WHAT THE TASK REQUIRES
Where the records below show the word "into" in a line, please copy that line.

EXCERPTED RECORDS

(* Let $F=\frac19\begin{pmatrix}1&1&1\\1&1&1\\1&1&1\end{pmatrix}$ (box blur filter). Then the equation $F*X=B$ with the reflexive boundary condition, for unknown $X\in\mathbb{R}^{m\times n}$, has a unique solution for every $B\in\mathbb{R}^{m\times n}$ if and only if $m,n\notin\{3l: l\in\mathbb{N}\}$.
   Context: $\mathbb{N}=\{1,2,3,\dots\}$. For $F=[f_{ij}]\in\mathbb{R}^{3\times3}$ and $X=[x_{ij}]\in\mathbb{R}^{m\times n}$, the convolution $F*X\in\mathbb{R}^{m\times n}$ is defined by $[F*X]_{ij}=\sum_{l_1=1}^3\sum_{l_2=1}^3 f_{l_1l_2}\,x_{i-l_1+2,\,j-l_2+2}$ for $1\le i\le m$, $1\le j\le n$, where the reflexive boundary condition sets $x_{0j}=x_{1j}$, $x_{m+1,j}=x_{mj}$, $x_{i0}=x_{i1}$, $x_{i,n+1}=x_{in}$ (for all indices $i\in\{0,\dots,m+1\}$, $j\in\{0,\dots,n+1\}$, so corners are also determined, e.g. $x_{00}=x_{11}$). *)

From mathcomp Require Import all_boot all_order all_algebra.
From mathcomp Require Import reals.
Set Implicit Arguments. Unset Strict Implicit. Unset Printing Implicit Defensive.
Import GRing.Theory Num.Theory.
Local Open Scope ring_scope.

(* Reflexive boundary: an (extended, 0-based) index k in {-1,...,m} is
   clamped into {0,...,m-1}; here k is given as k+1 (a nat in {0..m+1})
   to avoid negative numbers: refl_idx m k1 is the 0-based index of the 1-based index k1 after reflexive clamping into {1..m+1}. *)
Definition refl_idx (m : nat) (k1 : nat) : 'I_m.+1 :=
  inord (minn k1.-1 m).

(* Paper (1-based): [F*X]_{ij} = sum_{l1,l2=1}^3 f_{l1 l2} x_{i-l1+2, j-l2+2}.
   With 0-based i' = i-1, l1' = l1-1, the row index of x (1-based) is
   i'-l1'+2 = (i'+2-l1'), shifted 0-based index is (i'+1-l1'); we pass
   (i'+2-l1') = 0-based-index + 1 to refl_idx. *)
Definition conv_refl (R : pzRingType) (m n : nat)
  (F : 'M[R]_3) (X : 'M[R]_(m.+1, n.+1)) : 'M[R]_(m.+1, n.+1) :=
  \matrix_(i < m.+1, j < n.+1)
    \sum_(l1 < 3) \sum_(l2 < 3)
      F l1 l2 * X (refl_idx m (i + 2 - l1)%N) (refl_idx n (j + 2 - l2)%N).

Definition box_blur (R : fieldType) : 'M[R]_3 := \matrix_(i, j) (9%:R)^-1.

From mathcomp Require Import all_boot all_order all_algebra.
From mathcomp Require Import reals.
From mathcomp Require Import zify ring.
Set Implicit Arguments. Unset Strict Implicit. Unset Printing Implicit Defensive.
Import GRing.Theory Num.Theory.
Local Open Scope ring_scope.

(* Since the box filter is the outer product of (1,1,1)/3 with itself, the
   reflexive convolution factors as X |-> (1/9) A_m X A_n^T, where A_N is the
   tridiagonal all-ones matrix with both corner entries doubled.  A vector x with A_N x = 0 is forced by the first N equations to
   be x_0 times the 3-periodic pattern 1, -2, 1, 1, -2, 1, ...; the last
   equation then reads (2 p(N) + p(N-1)) x_0 = 0, where the coefficient is
   0 if 3 divides N+1 and +-3 otherwise. *)

Lemma unitmx_ker0 (F : fieldType) n (A : 'M[F]_n) :
  (forall x : 'cV_n, A *m x = 0 -> x = 0) -> A \in unitmx.
Proof.
move=> ker0; rewrite -unitmx_tr -row_free_unit; apply: inj_row_free => v.
move/(congr1 trmx); rewrite trmx_mul trmxK trmx0 => /ker0.
by move/(congr1 trmx); rewrite trmxK trmx0.
Qed.

Lemma mulmx_sandwich_unit (F : fieldType) m n (A : 'M[F]_m) (C : 'M[F]_n.+1) :
  (forall X : 'M_(m, n.+1), A *m X *m C = 0 -> X = 0) -> A \in unitmx.
Proof.
move=> inj; apply: unitmx_ker0 => x Ax0; apply/colP => i.
have /matrixP/(_ i 0) : x *m (const_mx 1 : 'rV_n.+1) = 0.
  by apply: inj; rewrite mulmxA Ax0 !mul0mx.
by rewrite !mxE big_ord1 mxE mulr1.
Qed.

Lemma sandwich_bijective (F : fieldType) m n (A : 'M[F]_m.+1) (C : 'M[F]_n.+1) :
  (forall B, exists! X, A *m X *m C = B) <-> A \in unitmx /\ C \in unitmx.
Proof.
split=> [solvable|[uA uC] B].
  have inj X : A *m X *m C = 0 -> X = 0.
    have [X0 [_ X0_unique]] := solvable 0.
    by move=> AXC0; rewrite -(X0_unique X AXC0) (X0_unique 0) // mulmx0 mul0mx.
  split; first exact: mulmx_sandwich_unit inj.
  rewrite -unitmx_tr; apply: (@mulmx_sandwich_unit _ _ m _ A^T) => X CXA0.
  apply: trmx_inj; rewrite trmx0; apply: inj.
  by apply: trmx_inj; rewrite trmx0 !trmx_mul trmxK mulmxA.
exists (invmx A *m B *m invmx C); split=> [|X <-].
  by rewrite !mulmxA mulmxV // mul1mx -mulmxA mulVmx // mulmx1.
by rewrite !mulmxA mulVmx // mul1mx -mulmxA mulmxV // mulmx1.
Qed.

(* [minn] and the truncated predecessor [0.-1 = 0] implement the reflexive
   boundary. *)
Definition box3 (V : nmodType) (N : nat) (y : nat -> V) (i : nat) : V :=
  y (minn i.+1 N) + y i + y i.-1.

Lemma box3_last (V : nmodType) N (y : nat -> V) : box3 N y N = y N *+ 2 + y N.-1.
Proof. by rewrite /box3 (minn_idPr (leqnSn N)) mulr2n. Qed.

Section BoxKernel.
Variable F : fieldType.
Hypothesis three_neq0 : 3%:R != 0 :> F.

Definition nullpat (k : nat) : F := if (k %% 3 == 1)%N then -2 else 1.

Lemma nullpatSS k : nullpat k.+2 = - (nullpat k + nullpat k.+1).
Proof.
rewrite /nullpat -[k.+2]addn2 -[k.+1]addn1 -(modnDml k 1) -(modnDml k 2).
by case: (k %% 3)%N (ltn_mod k 3) => [|[|[|]]] //= _; ring.
Qed.

Lemma nullpat_last_eq0 N : (nullpat N *+ 2 + nullpat N.-1 == 0) = (3 %| N.+1)%N.
Proof.
case: N => [|M].
  by rewrite [X in X == 0](_ : _ = 3%:R) ?(negbTE three_neq0) // /nullpat /=; ring.
rewrite /nullpat /= /dvdn -[M.+2]addn2 -[M.+1]addn1 -(modnDml M 1) -(modnDml M 2).
case: (M %% 3)%N (ltn_mod M 3) => [|[|[|]]] //= _.
- by rewrite [X in X == 0](_ : _ = - 3%:R) ?oppr_eq0 ?(negbTE three_neq0) //; ring.
- by rewrite [X in X == 0](_ : _ = 0) ?eqxx //; ring.
- by rewrite [X in X == 0](_ : _ = 3%:R) ?(negbTE three_neq0) //; ring.
Qed.

Lemma box3_nullpat N i : (3 %| N.+1)%N -> (i <= N)%N -> box3 N nullpat i = 0.
Proof.
move=> dvd3N iN.
case: (ltngtP i N) iN => // [ltiN _|-> _]; last first.
  by rewrite box3_last; apply/eqP; rewrite nullpat_last_eq0.
rewrite /box3 (minn_idPl ltiN); case: i ltiN => [|i] _ /=.
  by rewrite /nullpat /=; ring.
by rewrite nullpatSS; ring.
Qed.

Lemma box3_eq0_nullpat N (y : nat -> F) :
  (forall i, (i < N)%N -> box3 N y i = 0) ->
  forall k, (k <= N)%N -> y k = nullpat k * y 0%N.
Proof.
move=> y_box.
have y_rec i : (i < N)%N -> y i.+1 = - (y i + y i.-1).
  move=> ltiN; apply/eqP; rewrite -addr_eq0 addrA.
  by have := y_box i ltiN; rewrite /box3 (minn_idPl ltiN) => ->.
suff ind k : (k < N)%N -> y k = nullpat k * y 0%N /\ y k.+1 = nullpat k.+1 * y 0%N.
  case=> [|k] kN; first by rewrite /nullpat mul1r.
  by case: (ind k kN).
elim: k => [|k IHk] ltkN.
  by rewrite y_rec // /nullpat /=; split; ring.
have [yk yk1] := IHk (ltnW ltkN); split=> //.
by rewrite y_rec //= yk yk1 nullpatSS; ring.
Qed.

Lemma box3_eq0 N (y : nat -> F) : ~~ (3 %| N.+1)%N ->
  (forall i, (i <= N)%N -> box3 N y i = 0) -> forall k, (k <= N)%N -> y k = 0.
Proof.
move=> ndvd3N y_box.
have y_pat := box3_eq0_nullpat (fun i ltiN => y_box i (ltnW ltiN)).
have y0 : y 0%N = 0.
  have := y_box N (leqnn N).
  rewrite box3_last (y_pat N) // (y_pat N.-1) ?leq_pred //.
  rewrite -mulrnAl -mulrDl => /eqP; rewrite mulf_eq0 nullpat_last_eq0.
  by rewrite (negbTE ndvd3N) => /eqP.
by move=> k kN; rewrite y_pat // y0 mulr0.
Qed.

End BoxKernel.

Lemma refl_idxE N k : refl_idx N k = minn k.-1 N :> nat.
Proof. by rewrite inordK // ltnS geq_minr. Qed.

Lemma sum_refl_idx (V : nmodType) N (y : nat -> V) (i : 'I_N.+1) :
  \sum_(l < 3) y (refl_idx N (i + 2 - l)) = box3 N y i.
Proof.
have leiN : (i <= N)%N by rewrite -ltnS.
rewrite !big_ord_recl big_ord0 addr0 /box3 !refl_idxE /bump /= addrA.
have -> : (i + 2 - 0).-1 = i.+1 by lia.
have -> : (i + 2 - 1).-1 = i by lia.
have -> : (i + 2 - 2).-1 = i.-1 by lia.
by rewrite (minn_idPl leiN) (minn_idPl (leq_trans (leq_pred i) leiN)).
Qed.

Definition blur_mx (R : pzRingType) N : 'M[R]_N.+1 :=
  \matrix_(i, j) \sum_(l < 3) (refl_idx N (i + 2 - l) == j)%:R.

Lemma mul_blur_mx (R : pzRingType) N p (X : 'M[R]_(N.+1, p)) i k :
  (blur_mx R N *m X) i k = \sum_(l < 3) X (refl_idx N (i + 2 - l)) k.
Proof.
rewrite mxE; under eq_bigr do rewrite mxE big_distrl /=.
rewrite exchange_big; apply: eq_bigr => l _.
rewrite (bigD1 (refl_idx N (i + 2 - l))) //= eqxx mul1r big1 ?addr0 // => j.
by rewrite eq_sym => /negbTE ->; rewrite mul0r.
Qed.

Lemma conv_refl_const (R : comPzRingType) (c : R) (K : 'M[R]_3) m n
    (X : 'M[R]_(m.+1, n.+1)) :
  (forall l1 l2, K l1 l2 = c) ->
  conv_refl K X = (c *: blur_mx R m) *m X *m (blur_mx R n)^T.
Proof.
move=> K_const; apply/matrixP => i j.
rewrite -!scalemxAl [RHS]mxE -[_ *m _^T]trmxK trmx_mul trmxK.
rewrite mxE [in RHS]mxE mul_blur_mx mulr_sumr.
under [RHS]eq_bigr do rewrite mxE mul_blur_mx mulr_sumr.
rewrite exchange_big; apply: eq_bigr => l2 _; apply: eq_bigr => l1 _.
by rewrite K_const.
Qed.

Lemma blur_mx_unit (F : fieldType) N : 3%:R != 0 :> F ->
  (blur_mx F N \in unitmx) = ~~ (3 %| N.+1)%N.
Proof.
move=> three_neq0; apply/idP/idP => [unitA|ndvd3N].
  apply/negP => dvd3N.
  pose x : 'cV[F]_N.+1 := \col_i nullpat F i.
  have Ax0 : blur_mx F N *m x = 0.
    apply/colP => i; rewrite mul_blur_mx mxE.
    under eq_bigr do rewrite mxE.
    by rewrite sum_refl_idx box3_nullpat // -ltnS.
  have /colP/(_ 0) := mulKmx unitA x; rewrite Ax0 mulmx0 !mxE /nullpat /=.
  by move=> /esym/eqP; rewrite oner_eq0.
apply: unitmx_ker0 => x Ax0; apply/colP => i.
pose y k := x (inord k) 0.
have y_box k : (k <= N)%N -> box3 N y k = 0.
  move=> leKN; rewrite -[k](@inordK N) // -sum_refl_idx /y.
  under eq_bigr do rewrite inord_val.
  by rewrite -mul_blur_mx Ax0 mxE.
by have := box3_eq0 three_neq0 ndvd3N y_box (leq_ord i); rewrite /y inord_val mxE.
Qed.

Theorem corollary3 (R : realType) (m n : nat) :
  (forall B : 'M[R]_(m.+1, n.+1),
      exists! X : 'M[R]_(m.+1, n.+1), conv_refl (box_blur R) X = B)
  <-> (~~ (3 %| m.+1)%N /\ ~~ (3 %| n.+1)%N).
Proof.
have three_neq0 : 3%:R != 0 :> R by rewrite pnatr_eq0.
have ninth_neq0 : (9%:R : R)^-1 != 0 by rewrite invr_eq0 pnatr_eq0.
have conv_blur X : conv_refl (box_blur R) X =
    ((9%:R)^-1 *: blur_mx R m) *m X *m (blur_mx R n)^T.
  by apply: conv_refl_const => l1 l2; rewrite mxE.
rewrite /unique; setoid_rewrite conv_blur.
by rewrite sandwich_bijective unitmxZ ?unitfE // unitmx_tr !blur_mx_unit.
Qed.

RESULT OF THIS TASK
   clamped into {0,...,m-1}; here k is given as k+1 (a nat in {0..m+1})
   to avoid negative numbers: refl_idx m k1 is the 0-based index of the 1-based index k1 after reflexive clamping into {1..m+1}. *)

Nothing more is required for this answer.